There are many possible encodings ([see link](https://docs.python.org/3/library/codecs.html#standard-encodings)), but the most common are "utf-8" (the standard), "ANSI" (on Mac: "iso-8859-1" or ‘ISO8859’) or "ASCII".
- `ParserError` --> Usually means that the "delimiter" (i.e., the separator) is specified incorrectly. It is best to open the file briefly with an editor and check, then set it accordingly with `delimiter="..."` (or `sep="..."`). Typical separators are `","`, `";"`, `"\t"` (tab).
- If the file does not start with the desired column names, this can be corrected by specifying the rows to be skipped --> `skiprows=1` (1, 2, 3,... depending on the case).

## Titanic dataset!

This data is taken from the [Kaggle Titanic challenge](https://www.kaggle.com/c/titanic/data).

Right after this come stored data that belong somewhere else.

Lemma scale_S_le K : INR (scale (S K)) <= 2 * (INR K + 4) ^ 4.
Proof.
  unfold scale. rewrite mult_INR, rising3_INR, plus_INR, mult_INR.
  replace (INR (S K)) with (INR K + 1) by (symmetry; apply S_INR).
  simpl (INR 2). simpl (INR 4). set (x := INR K). assert (Hx : 0 <= x) by apply pos_INR.
  replace ((1 + 1) * (x + 1) + (1 + 1 + 1 + 1)) with (2 * (x + 3)) by ring.
  replace ((x + 1 + 1) * (x + 1 + 2) * (x + 1 + 3)) with ((x + 2) * (x + 3) * (x + 4)) by ring.
  replace (2 * (x + 4) ^ 4) with (2 * (x + 4) * ((x + 4) * (x + 4) * (x + 4))) by ring.
  apply Rmult_le_compat; [lra | repeat apply Rmult_le_pos; lra | lra |].
  apply Rmult_le_compat; [nra | lra | apply Rmult_le_compat; lra | lra].
Qed.

Lemma ln_le_of_lt_scale Lam K N : (1 <= N)%nat -> (N < Lam * (2 ^ S K * scale (S K)))%nat ->
  ln (INR N) <= ln (INR Lam) + (INR K + 2) * ln 2 + 4 * ln (INR K + 4).
Proof.
  intros HN HNK.
  assert (HNR : 0 < INR N) by (apply lt_0_INR; lia).
  assert (HLam : 0 < INR Lam) by (apply lt_0_INR; nia).
  assert (HK := pos_INR K).
  assert (H2 : 0 < 2 ^ (K + 2)) by (apply pow_lt; lra).
  assert (H4 : 0 < (INR K + 4) ^ 4) by (apply pow_lt; lra).
  assert (Hbound : INR N <= INR Lam * (2 ^ (K + 2) * (INR K + 4) ^ 4)).
  { apply Rle_trans with (INR (Lam * (2 ^ S K * scale (S K)))); [apply le_INR; lia|].
    rewrite !mult_INR, INR_pow2. apply Rmult_le_compat_l; [lra|].
    replace (2 ^ (K + 2)) with (2 ^ S K * 2) by (rewrite pow_add; simpl; ring).
    rewrite Rmult_assoc. apply Rmult_le_compat_l; [apply pow_le; lra | apply scale_S_le]. }
  apply ln_le in Hbound; [|exact HNR].
  rewrite ln_mult in Hbound by (try apply Rmult_lt_0_compat; assumption).
  rewrite ln_mult in Hbound by assumption.
  rewrite !ln_pow in Hbound by lra.
  rewrite plus_INR in Hbound. simpl (INR 2) in Hbound. simpl (INR 4) in Hbound. lra.
Qed.

Lemma quartic_gap_eventually a C A : 0 < a -> C * a < 1 / 2 ->
  exists s0, forall s, s0 <= s ->
    C * (a * (s * s) + 8 * s + A) ^ 2 + (s * s - 4) * (2 * s)
    < ((s * s - 4) * (s * s - 4) + 3 * (s * s - 4)) / 2 * a.
Proof.
  intros Ha HCa.
  destruct (quartic_eventually_pos (a / 2 - C * a * a) (- 16 * C * a - 2)
              (- 5 * a / 2 - 64 * C - 2 * C * a * A) (8 - 16 * C * A) (2 * a - C * A * A))
    as [s0 Hs0]; [nra|].
  exists s0. intros s Hs. specialize (Hs0 s Hs).
  assert (Hexpand : (a / 2 - C * a * a) * s ^ 4 + (- 16 * C * a - 2) * s ^ 3
                    + (- 5 * a / 2 - 64 * C - 2 * C * a * A) * s ^ 2 + (8 - 16 * C * A) * s
                    + (2 * a - C * A * A)
                    = ((s * s - 4) * (s * s - 4) + 3 * (s * s - 4)) / 2 * a
                      - C * (a * (s * s) + 8 * s + A) ^ 2 - (s * s - 4) * (2 * s))
    by field.
  lra.
Qed.

(* With [s = sqrt (K + 4)] and [ln x <= 2 sqrt x], both sides become polynomials in [s] whose
   leading coefficients are [- ln 2 / 2] and [- C (ln 2)^2]; [C < 1 / ln 4] says the first wins. *)
Lemma log_gap_eventually C L : 0 < C -> C < 1 / ln 4 ->
  exists K1 : nat, forall K y, (K1 <= K)%nat ->
    0 <= y <= L + (INR K + 2) * ln 2 + 4 * ln (INR K + 4) ->
    INR K * ln (INR K + 1) - (INR K * INR K + 3 * INR K) / 2 * ln 2 < - C * y ^ 2.
Proof.
  intros HC HC4.
  set (a := ln 2).
  assert (Ha : 0 < a) by (unfold a; rewrite <- ln_1; apply ln_increasing; lra).
  assert (HCa : C * a < 1 / 2).
  { replace (ln 4) with (2 * a) in HC4
      by (unfold a; replace 4 with (2 * 2) by ring; rewrite ln_mult by lra; ring).
    apply Rmult_lt_compat_r with (r := 2 * a) in HC4; [|lra].
    replace (1 / (2 * a) * (2 * a)) with 1 in HC4 by (field; lra). lra. }
  set (A := L - 2 * a).
  destruct (quartic_gap_eventually a C A Ha HCa) as [s0 Hs0].
  destruct (INR_unbounded (s0 * s0)) as [K1 HK1].
  exists K1. intros K y HK [Hy0 Hy].
  assert (HKR : INR K1 <= INR K) by (apply le_INR, HK).
  assert (HK0 := pos_INR K).
  set (s := sqrt (INR K + 4)).
  assert (Hss : s * s = INR K + 4) by (apply sqrt_sqrt; lra).
  assert (Hs : 0 <= s) by apply sqrt_pos.
  assert (Hss0 : s0 <= s).
  { destruct (Rle_or_lt s0 0); [lra|].
    rewrite <- (sqrt_square s0) by lra. apply sqrt_le_1; nra. }
  assert (Hln : ln (INR K + 4) <= 2 * s) by (apply ln_le_two_sqrt; lra).
  assert (Hln1 : 0 <= ln (INR K + 1) <= ln (INR K + 4)).
  { split; [rewrite <- ln_1|]; apply ln_le; lra. }
  assert (Hy2 : y ^ 2 <= (a * (s * s) + 8 * s + A) ^ 2)
    by (apply pow_incr; unfold A; rewrite Hss; lra).
  assert (HCy : C * y ^ 2 <= C * (a * (s * s) + 8 * s + A) ^ 2) by (apply Rmult_le_compat_l; lra).
  assert (HKln : INR K * ln (INR K + 1) <= (s * s - 4) * (2 * s))
    by (replace (s * s - 4) with (INR K) by lra; apply Rmult_le_compat_l; lra).
  assert (Hgap := Hs0 s Hss0).
  replace (INR K) with (s * s - 4) in HKln |- * by lra.
  lra.
Qed.

Theorem theorem1p1 :
  forall (tau C : R), 0 < C -> C < 1 / ln 4 ->
  exists N0 : nat, forall N : nat, (N0 <= N)%nat ->
    m_N N tau < exp (- C * (ln (INR N)) ^ 2).
Proof.
  intros tau C HC HC4.
  destruct (INR_unbounded (exp (Rabs tau + 1))) as [Lam HLam].
  assert (HLam1 : (1 <= Lam)%nat).
  { apply INR_le. simpl (INR 1). pose proof (exp_ineq1_le (Rabs tau + 1)).
    pose proof (Rabs_pos tau). lra. }
  destruct (log_gap_eventually C (ln (INR Lam)) HC HC4) as [K1 HK1].
  set (f K := (Lam * (2 ^ K * scale K))%nat).
  assert (Hf : forall K, (f K < f (S K))%nat).
  { intros K. unfold f, scale, rising3. rewrite Nat.pow_succ_r'.
    assert (1 <= 2 ^ K)%nat by (apply Nat.le_succ_l, Nat.neq_0_lt_0, Nat.pow_nonzero; lia). nia. }
  exists (f (S K1)). intros N HN.
  destruct (exists_bracket f Hf (S K1) N HN) as [K [HK [Hlo Hhi]]].
  assert (HN1 : (1 <= N)%nat) by (destruct K as [|K']; [lia | pose proof (Hf K'); lia]).
  apply Rle_lt_trans with (precision K).
  { apply (m_N_le_precision tau K Lam N); [lia | lra | exact Hlo]. }
  rewrite <- (exp_ln (precision K)) by apply precision_pos.
  apply exp_increasing. eapply Rle_lt_trans; [apply ln_precision_le|].
  apply HK1; [lia|]. split.
  - rewrite <- ln_1. apply ln_le; [lra | apply (le_INR 1), HN1].
  - apply ln_le_of_lt_scale; assumption.
Qed.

Here, we will attempt to predict whether passengers survived the Titanic disaster based on their passenger data.

### Data Dictionary

| Variable   | Definition                        | Key                                        |
|------------|-----------------------------------|--------------------------------------------|
| survival   | Survival                          | 0 = No, 1 = Yes                            |
| pclass     | Ticket class                      | 1 = 1st, 2 = 2nd, 3 = 3rd                  |
| sex        | Sex                               |                                            |
| age        | Age in years                      |                                            |
| sibsp      | # of siblings/spouses aboard the Titanic |                                      |
| parch      | # of parents/children aboard the Titanic |                                      |
| ticket     | Ticket number                     |                                            |
| fare       | Passenger fare                    |                                            |
| cabin      | Cabin number                      |                                            |
| embarked   | Port of Embarkation               | C = Cherbourg, Q = Queenstown, S = Southampton |

### Variable Notes

- **pclass:** A proxy for socio-economic status (SES)
  - 1st = Upper
  - 2nd = Middle
  - 3rd = Lower

- **age:** Age is fractional if less than 1. If the age is estimated, it is in the form of `xx.5`.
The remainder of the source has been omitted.